One reason is federal aid makes up a relatively small share of the overall revenue for state and local governments in Wisconsin, with the state ranking among the bottom 10 for federal assistance in 2017 at 41st. In addition, fees for services such as tuition and sewers accounted for 3.1% of personal income that year, which ranked 29th highest and was below the national average.
Spending on K-12 schools in Wisconsin accounted for 4.1% of personal income in 2017, which ranked 24th highest and equaled the national average. That was significantly less than the 5.3% of income spent on K-12 education in 1997, which ranked sixth. Complicating comparisons, however, is the fact that 2011 Act 10 ended most collective bargaining for teachers and most other public employees and lowered school and local government spending on workers’ benefits.

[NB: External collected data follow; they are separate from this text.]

(* Let $G_1,G_2,H_1,H_2\in SL^+_{sym}(2)$ and let $g_i,h_i$ be the largest eigenvalues of $G_i,H_i$ ($i=1,2$). Then $$K^{min}\le\hat K:=\sqrt{g_1h_1g_2h_2}\le K:=\max\{g_1h_1,g_2h_2\}.$$ In particular $K^{min}<K$ whenever $g_1h_1\ne g_2h_2$.
   Context: $SL^+_{sym}(2)$: real symmetric positive definite $2\times2$ matrices with determinant $1$; $SL(2)$: real $2\times2$ matrices of determinant $1$; $\lambda_{\max}(M)$: largest eigenvalue of a symmetric $M$. For $G_1,G_2,H_1,H_2\in SL^+_{sym}(2)$ (the two phases of the two-phase fields $G=\chi_{E_1}G_1+\chi_{E_2}G_2$, $H=\chi_{E_1}H_1+\chi_{E_2}H_2$ with $E_1,E_2$ a measurable partition of $\Omega$ into sets of positive measure), define $$K^{min}:=\min_{A,B\in SL(2)}\ \max_{i=1,2}\ \lambda_{\max}(B^TG_iB)\,\lambda_{\max}(A^TH_iA).$$ *)

From Stdlib Require Import Reals Lra.
Open Scope R_scope.

Record Mat2 := mkMat2 { m11 : R; m12 : R; m21 : R; m22 : R }.

Definition det2 (M : Mat2) : R := m11 M * m22 M - m12 M * m21 M.
Definition tr2 (M : Mat2) : R := m11 M + m22 M.
Definition transp (M : Mat2) : Mat2 := mkMat2 (m11 M) (m21 M) (m12 M) (m22 M).
Definition mul2 (M N : Mat2) : Mat2 :=
  mkMat2 (m11 M * m11 N + m12 M * m21 N) (m11 M * m12 N + m12 M * m22 N)
         (m21 M * m11 N + m22 M * m21 N) (m21 M * m12 N + m22 M * m22 N).

Definition qform (M : Mat2) (x y : R) : R :=
  x * (m11 M * x + m12 M * y) + y * (m21 M * x + m22 M * y).

Definition SL2 (A : Mat2) : Prop := det2 A = 1.

Definition SLsym2 (M : Mat2) : Prop :=
  m12 M = m21 M /\
  (forall x y : R, (x <> 0 \/ y <> 0) -> 0 < qform M x y) /\
  det2 M = 1.

(* Largest eigenvalue of a (symmetric) 2x2 matrix: the larger root of the
   characteristic polynomial t^2 - tr(M) t + det(M). *)
Definition lam_max (M : Mat2) : R :=
  (tr2 M + sqrt (tr2 M * tr2 M - 4 * det2 M)) / 2.

Definition Kvals (G1 G2 H1 H2 : Mat2) (k : R) : Prop :=
  exists A B : Mat2, SL2 A /\ SL2 B /\
    k = Rmax (lam_max (mul2 (transp B) (mul2 G1 B)) * lam_max (mul2 (transp A) (mul2 H1 A)))
             (lam_max (mul2 (transp B) (mul2 G2 B)) * lam_max (mul2 (transp A) (mul2 H2 A))).

Definition is_glb (E : R -> Prop) (m : R) : Prop :=
  (forall x, E x -> m <= x) /\ (forall b, (forall x, E x -> b <= x) -> b <= m).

In 2017, higher education spending on universities, colleges, and technical colleges ranked 19th highest at 2.3% of income, which was above average among states.
Spending on Medicaid and other public assistance programs in the state took up 4.6% of income, ranking 22nd highest. Corrections spending ranked 15th highest in the nation while police spending was 21st highest and fire spending 33rd.
Spending on highways and streets represented 2% of income in 2017, or sixth highest among states. That was a large increase from the 1.3% of income spent in 2016, which ranked 20th.
Balancing the Revenue Mix?
As laid out above, Wisconsin relies heavily on income and property taxes and much less so on sales taxes, fees, and federal aid. Taken as a whole, revenues in this state remain less evenly balanced than those of the average state.
Some actions by state officials in recent years have served to nudge the state toward a more balanced set of revenues. Those policies include state limits on property tax levies by municipalities, counties, and technical colleges; state revenue limits that effectively restrict school property taxes; and a series of income tax cuts that include those recently approved by lawmakers and Gov. Tony Evers as well as former Gov. Scott Walker.
Other state policies could be seen as having the opposite effect. For example, the state’s freeze on in-state tuition for University of Wisconsin schools effectively limits state revenue from fees and may be putting more pressure on lawmakers to provide income and sales tax dollars to UW.
In addition, the state receives less in federal funds for its Medicaid program because lawmakers have so far opted not to expand coverage as allowed under the federal Affordable Care Act. This factor is notable because it is within the state’s control. But it is not the only contributor to the low ranking for federal aid in Wisconsin, which has long trailed other states in this regard.
Each of these policies bring both advantages and disadvantages. For example, receiving fewer federal dollars means the state is less dependent on the future actions of Congress but more reliant on state and local taxpayers in the present. Ultimately, elected officials and the voters themselves must choose the mix of taxes and other revenues, determine the state’s spending priorities, and then accept the inevitable tradeoffs that come with them.